(* Let $m\ge 2$, $n=n_1+\cdots+n_r$, and let $\mathcal{A},\mathcal{B}$ be real $m$-th order $n$-dimensional tensors such that $\mathcal{A}x^m\neq 0$ for every $x\in\mathcal{K}\setminus\{0\}$. Define $\lambda(x)=\mathcal{B}x^m/\mathcal{A}x^m$ and $F(x)=\lambda(x)\mathcal{A}x^{m-1}-\mathcal{B}x^{m-1}$ for $x\in\mathcal{K}\setminus\{0\}$. If $\bar x\in\mathcal{K}_0$ satisfies $$F(\bar x)^\top(z-\bar x)\ge 0\quad\text{for all } z\in\mathcal{K}_0,$$ then $(\bar x,\lambda(\bar x))$ is a solution of the second-order cone tensor eigenvalue complementarity problem, i.e. $\bar x\neq 0$, $\bar x\in\mathcal{K}$, $\bar w:=(\lambda(\bar x)\mathcal{A}-\mathcal{B})\bar x^{m-1}\in\mathcal{K}$ and $\langle \bar x,\bar w\rangle=0$.
   Context: A real $m$-th order $n$-dimensional tensor is an array $\mathcal{A}=(a_{i_1\ldots i_m})$, $a_{i_1\ldots i_m}\in\mathbb{R}$, $1\le i_1,\ldots,i_m\le n$. For $x\in\mathbb{R}^n$, $\mathcal{A}x^{m-1}\in\mathbb{R}^n$ has $i$-th component $\sum_{i_2,\ldots,i_m=1}^n a_{ii_2\ldots i_m}x_{i_2}\cdots x_{i_m}$, and $\mathcal{A}x^m=\sum_{i_1,\ldots,i_m=1}^n a_{i_1\ldots i_m}x_{i_1}\cdots x_{i_m}$. Vectors $x\in\mathbb{R}^n$ are written $x=(x^1,\ldots,x^r)\in\mathbb{R}^{n_1}\times\cdots\times\mathbb{R}^{n_r}$ with $x^i=(x^i_\circ,x^i_\bullet)\in\mathbb{R}\times\mathbb{R}^{n_i-1}$. The second-order cone is $\mathcal{K}=\mathcal{K}^{n_1}\times\cdots\times\mathcal{K}^{n_r}$ with $\mathcal{K}^{n_i}=\{x^i\in\mathbb{R}^{n_i}: x^i_\circ\ge\|x^i_\bullet\|\}$ (Euclidean norm); $\mathcal{K}$ is self-dual. Let $e=(e^1,\ldots,e^r)$ with $e^i=(1,0,\ldots,0)^\top\in\mathbb{R}^{n_i}$ and $\mathcal{K}_0=\{x\in\mathcal{K}: e^\top x=1\}$. *)

From HB Require Import structures.
From mathcomp Require Import all_boot all_order all_algebra.
From mathcomp Require Import reals.
Set Implicit Arguments. Unset Strict Implicit. Unset Printing Implicit Defensive.
Import Order.TTheory GRing.Theory Num.Theory.
Local Open Scope ring_scope.

(* A real m-th order n-dimensional tensor: a real entry for every
   index tuple (i_1,...,i_m), encoded as a finite function 'I_m -> 'I_n. *)
Definition tensor (R : Type) (m n : nat) := {ffun 'I_m -> 'I_n} -> R.

Section Defs.
Variable R : realType.

Definition tpow (m n : nat) (A : tensor R m n) (x : 'rV[R]_n) : R :=
  \sum_(idx : {ffun 'I_m -> 'I_n}) A idx * \prod_(k : 'I_m) x 0 (idx k).

(* A x^(m-1): i-th component sums over idx with first index i_1 = i,
   multiplying x over the remaining m-1 indices. *)
Definition tpow1 (m n : nat) (A : tensor R m n) (x : 'rV[R]_n) : 'rV[R]_n :=
  \row_(i < n) \sum_(idx : {ffun 'I_m -> 'I_n} |
                       [forall k : 'I_m, (val k == 0%N) ==> (idx k == i)])
      A idx * \prod_(k : 'I_m | val k != 0%N) x 0 (idx k).

Definition tcomb (m n : nat) (lam : R) (A B : tensor R m n) : tensor R m n :=
  fun idx => lam * A idx - B idx.

(* first component x_o of a block vector (0 if the block is empty) *)
Definition blk_head (k : nat) (v : 'rV[R]_k) : R :=
  \sum_(j : 'I_k | val j == 0%N) v 0 j.

Definition in_soc (k : nat) (v : 'rV[R]_k) : Prop :=
  Num.sqrt (\sum_(j : 'I_k | val j != 0%N) v 0 j ^+ 2) <= blk_head v.

Definition in_K (r : nat) (ns : 'I_r -> nat) (x : 'rV[R]_(\sum_(i < r) ns i)) : Prop :=
  forall i : 'I_r, in_soc (submxrow x i).

Definition eTx (r : nat) (ns : 'I_r -> nat) (x : 'rV[R]_(\sum_(i < r) ns i)) : R :=
  \sum_(i < r) blk_head (submxrow x i).

Definition in_K0 (r : nat) (ns : 'I_r -> nat) (x : 'rV[R]_(\sum_(i < r) ns i)) : Prop :=
  in_K x /\ eTx x = 1.

Definition dotv (n : nat) (x y : 'rV[R]_n) : R := \sum_(j < n) x 0 j * y 0 j.

End Defs.

Arguments in_K {R r} ns x.
Arguments eTx {R r} ns x.
Arguments in_K0 {R r} ns x.

(* Euler's identity <x, A x^(m-1)> = A x^m makes <xbar, wbar> = lam(xbar) A xbar^m - B xbar^m
   vanish, so the variational inequality says <wbar, z> >= 0 for every z in K_0.  Testing it
   against the point of K_0 that is (1, -w_bullet / ||w_bullet||) on block i and 0 elsewhere gives
   w_o - ||w_bullet|| >= 0 on block i, i.e. wbar lies in K (self-duality of the cone). *)
From HB Require Import structures.
From mathcomp Require Import all_boot all_order all_algebra.
From mathcomp Require Import reals.
Import Order.TTheory GRing.Theory Num.Theory.
Set Implicit Arguments. Unset Strict Implicit.
Local Open Scope ring_scope.

Section SecondOrderCone.
Variable R : realType.

Lemma dotvC n (x y : 'rV[R]_n) : dotv x y = dotv y x.
Proof. by apply: eq_bigr => j _; rewrite mulrC. Qed.

Lemma dotvBr n (x y z : 'rV[R]_n) : dotv x (y - z) = dotv x y - dotv x z.
Proof. by rewrite /dotv -sumrB; apply: eq_bigr => j _; rewrite !mxE mulrBr. Qed.

Lemma dotvZr n (x y : 'rV[R]_n) a : dotv x (a *: y) = a * dotv x y.
Proof. by rewrite /dotv mulr_sumr; apply: eq_bigr => j _; rewrite mxE mulrCA. Qed.

Lemma dotv0r n (x : 'rV[R]_n) : dotv x 0 = 0.
Proof. by rewrite /dotv big1 // => j _; rewrite mxE mulr0. Qed.

Lemma dotvE n (x y : 'rV[R]_n) : dotv x y = (x *m y^T) 0 0.
Proof. by rewrite /dotv !mxE; apply: eq_bigr => j _; rewrite !mxE. Qed.

Lemma dotv_submxrow r (ns : 'I_r -> nat) (x y : 'rV[R]_(\sum_(i < r) ns i)) :
  dotv x y = \sum_(i < r) dotv (submxrow x i) (submxrow y i).
Proof.
rewrite dotvE -[x]submxrowK -[y]submxrowK tr_mxrow mul_mxrow_mxcol summxE.
by apply: eq_bigr => i _; rewrite dotvE !mxrowK.
Qed.

Lemma tpow1_tcomb m n lam (A B : tensor R m n) x :
  tpow1 (tcomb lam A B) x = lam *: tpow1 A x - tpow1 B x.
Proof.
apply/rowP => i; rewrite !mxE mulr_sumr -sumrB; apply: eq_bigr => idx _.
by rewrite /tcomb mulrBl mulrA.
Qed.

Lemma dotv_tpow1 m n (A : tensor R m n) x : (0 < m)%N ->
  dotv x (tpow1 A x) = tpow A x.
Proof.
move=> m_gt0; set k0 : 'I_m := Ordinal m_gt0.
have first_idx i (idx : {ffun 'I_m -> 'I_n}) :
    [forall k : 'I_m, (val k == 0%N) ==> (idx k == i)] = (idx k0 == i).
  apply/forallP/idP => [/(_ k0)/implyP-> // | /eqP <- k].
  by apply/implyP => /eqP k_0; have -> : k = k0 by apply/val_inj.
rewrite /dotv /tpow.
under eq_bigr => i _ do
  rewrite mxE (eq_bigl _ _ (first_idx i)) big_mkcond mulr_sumr /=.
rewrite exchange_big /=; apply: eq_bigr => idx _.
rewrite (bigD1 (idx k0)) //= eqxx [X in _ + X]big1 ?addr0; last first.
  by move=> i /negbTE; rewrite eq_sym => ->; rewrite mulr0.
by rewrite (bigD1 k0 (P := predT)) //= mulrCA.
Qed.

Lemma blk_head0 k : blk_head (0 : 'rV[R]_k) = 0.
Proof. by rewrite /blk_head big1 // => j _; rewrite mxE. Qed.

Lemma in_soc0 k : in_soc (0 : 'rV[R]_k).
Proof.
rewrite /in_soc blk_head0 big1 ?sqrtr0 // => j _.
by rewrite mxE expr0n.
Qed.

Definition soc_tail k (v : 'rV[R]_k) : R := \sum_(j < k | val j != 0%N) v 0 j ^+ 2.

Lemma soc_tail_ge0 k (v : 'rV[R]_k) : 0 <= soc_tail v.
Proof. by apply: sumr_ge0 => j _; rewrite sqr_ge0. Qed.

(* The minimiser of <v, .> over the base {u in K^k : u_o = 1} of the cone;
   when v_bullet = 0 the division by 0 returns 0 and the point is e. *)
Definition soc_argmin k (v : 'rV[R]_k) : 'rV[R]_k :=
  \row_j (if val j == 0%N then 1 else - (v 0 j / Num.sqrt (soc_tail v))).

Lemma blk_head_soc_argmin k (v : 'rV[R]_k) : (0 < k)%N -> blk_head (soc_argmin v) = 1.
Proof.
move=> k_gt0; have head_eq (j : 'I_k) : (val j == 0%N) = (j == Ordinal k_gt0).
  by rewrite -(inj_eq val_inj).
by rewrite /blk_head (eq_bigl _ _ head_eq) big_pred1_eq mxE.
Qed.

Lemma in_soc_argmin k (v : 'rV[R]_k) : (0 < k)%N -> in_soc (soc_argmin v).
Proof.
move=> k_gt0; rewrite /in_soc blk_head_soc_argmin //.
have -> : \sum_(j < k | val j != 0%N) soc_argmin v 0 j ^+ 2
          = soc_tail v / Num.sqrt (soc_tail v) ^+ 2.
  rewrite /soc_tail mulr_suml; apply: eq_bigr => j /negbTE j_tail.
  by rewrite mxE j_tail sqrrN expr_div_n.
rewrite sqr_sqrtr ?soc_tail_ge0 //.
have [->|tail_neq0] := eqVneq (soc_tail v) 0; first by rewrite mul0r sqrtr0 ler01.
by rewrite divff // sqrtr1.
Qed.

Lemma dotv_soc_argmin k (v : 'rV[R]_k) : (0 < k)%N ->
  dotv v (soc_argmin v) = blk_head v - Num.sqrt (soc_tail v).
Proof.
move=> k_gt0; have tail_div : soc_tail v / Num.sqrt (soc_tail v) = Num.sqrt (soc_tail v).
  have [->|tail_neq0] := eqVneq (soc_tail v) 0; first by rewrite sqrtr0 mul0r.
  have sqrt_neq0 : Num.sqrt (soc_tail v) != 0.
    by rewrite sqrtr_eq0 -ltNge lt_def tail_neq0 soc_tail_ge0.
  by rewrite -{1}(sqr_sqrtr (soc_tail_ge0 v)) expr2 mulfK.
rewrite /dotv (bigID (fun j : 'I_k => val j == 0%N)) /=; congr (_ + _).
  by apply: eq_bigr => j j_head; rewrite mxE j_head mulr1.
rewrite -tail_div /soc_tail mulr_suml -sumrN; apply: eq_bigr => j /negbTE j_tail.
by rewrite mxE j_tail mulrN mulrA expr2.
Qed.

Lemma in_socE k (v : 'rV[R]_k) : (0 < k)%N ->
  in_soc v <-> 0 <= dotv v (soc_argmin v).
Proof. by move=> k_gt0; rewrite dotv_soc_argmin // subr_ge0. Qed.

Section Blocks.
Variables (r : nat) (ns : 'I_r -> nat).

Definition blk_only (i : 'I_r) (U : forall j, 'rV[R]_(ns j)) : 'rV[R]_(\sum_(j < r) ns j) :=
  mxrow (fun j => if j == i then U j else 0).

Lemma submxrow_blk_only i U j :
  submxrow (blk_only i U) j = if j == i then U j else 0.
Proof. exact: mxrowK. Qed.

Lemma dotv_blk_only x i U : dotv x (blk_only i U) = dotv (submxrow x i) (U i).
Proof.
rewrite dotv_submxrow (bigD1 i) //= submxrow_blk_only eqxx big1 ?addr0 //.
by move=> j /negbTE j_neq_i; rewrite submxrow_blk_only j_neq_i dotv0r.
Qed.

Lemma eTx_blk_only i U : eTx ns (blk_only i U) = blk_head (U i).
Proof.
rewrite /eTx (bigD1 i) //= submxrow_blk_only eqxx big1 ?addr0 //.
by move=> j /negbTE j_neq_i; rewrite submxrow_blk_only j_neq_i blk_head0.
Qed.

Lemma in_K_blk_only i U : in_soc (U i) -> in_K ns (blk_only i U).
Proof.
move=> Ui_soc j; rewrite submxrow_blk_only.
by case: eqP => [-> | _]; [exact: Ui_soc | exact: in_soc0].
Qed.

Lemma eTx0 : eTx ns (0 : 'rV[R]_(\sum_(i < r) ns i)) = 0.
Proof. by rewrite /eTx big1 // => i _; rewrite submxrow0 blk_head0. Qed.

Lemma in_K0_neq0 (x : 'rV[R]_(\sum_(i < r) ns i)) : in_K0 ns x -> x != 0.
Proof. by case=> _ eTx1; apply: contra_eq_neq eTx1 => ->; rewrite eTx0 eq_sym oner_neq0. Qed.

Lemma in_K_dual (w : 'rV[R]_(\sum_(i < r) ns i)) : (forall i, (0 < ns i)%N) ->
  (forall z, in_K0 ns z -> 0 <= dotv w z) -> in_K ns w.
Proof.
move=> ns_gt0 w_dual i; apply/in_socE => //.
pose z := blk_only i (fun j => soc_argmin (submxrow w j)).
have z_K0 : in_K0 ns z.
  split; first exact/in_K_blk_only/in_soc_argmin.
  by rewrite eTx_blk_only blk_head_soc_argmin.
by have := w_dual z z_K0; rewrite dotv_blk_only.
Qed.

End Blocks.

End SecondOrderCone.

Unset Implicit Arguments.
Theorem theorem1 (R : realType) (m r : nat) (ns : 'I_r -> nat)
  (A B : tensor R m (\sum_(i < r) ns i)) :
  (2 <= m)%N ->
  (forall i, (0 < ns i)%N) ->
  (forall x : 'rV[R]_(\sum_(i < r) ns i), in_K ns x -> x != 0 -> tpow A x != 0) ->
  let lam := fun x => tpow B x / tpow A x in
  let F := fun x => lam x *: tpow1 A x - tpow1 B x in
  forall xbar : 'rV[R]_(\sum_(i < r) ns i),
    in_K0 ns xbar ->
    (forall z, in_K0 ns z -> 0 <= dotv (F xbar) (z - xbar)) ->
    let wbar := tpow1 (tcomb (lam xbar) A B) xbar in
    [/\ xbar != 0, in_K ns xbar, in_K ns wbar & dotv xbar wbar = 0].
Proof.
move=> m_ge2 ns_gt0 A_nz lam F xbar xbar_K0 VI wbar.
have m_gt0 : (0 < m)%N by apply: leq_trans m_ge2.
have xbar_neq0 := in_K0_neq0 xbar_K0.
have wbarE : wbar = F xbar by rewrite /wbar tpow1_tcomb.
have compl : dotv xbar wbar = 0.
  have Axbar_neq0 : tpow A xbar != 0 by apply: A_nz => //; case: xbar_K0.
  by rewrite wbarE dotvBr dotvZr !dotv_tpow1 // /lam divfK // subrr.
split=> //; first by case: xbar_K0.
apply: in_K_dual => // z z_K0.
by have := VI z z_K0; rewrite -wbarE dotvBr [dotv wbar xbar]dotvC compl subr0.
Qed.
•••
▸ Exercise objective
If a line in the data above holds the string "Implicit", report that line.

▸ Answer to the exercise
Set Implicit Arguments. Unset Strict Implicit. Unset Printing Implicit Defensive.
Set Implicit Arguments. Unset Strict Implicit.
Unset Implicit Arguments.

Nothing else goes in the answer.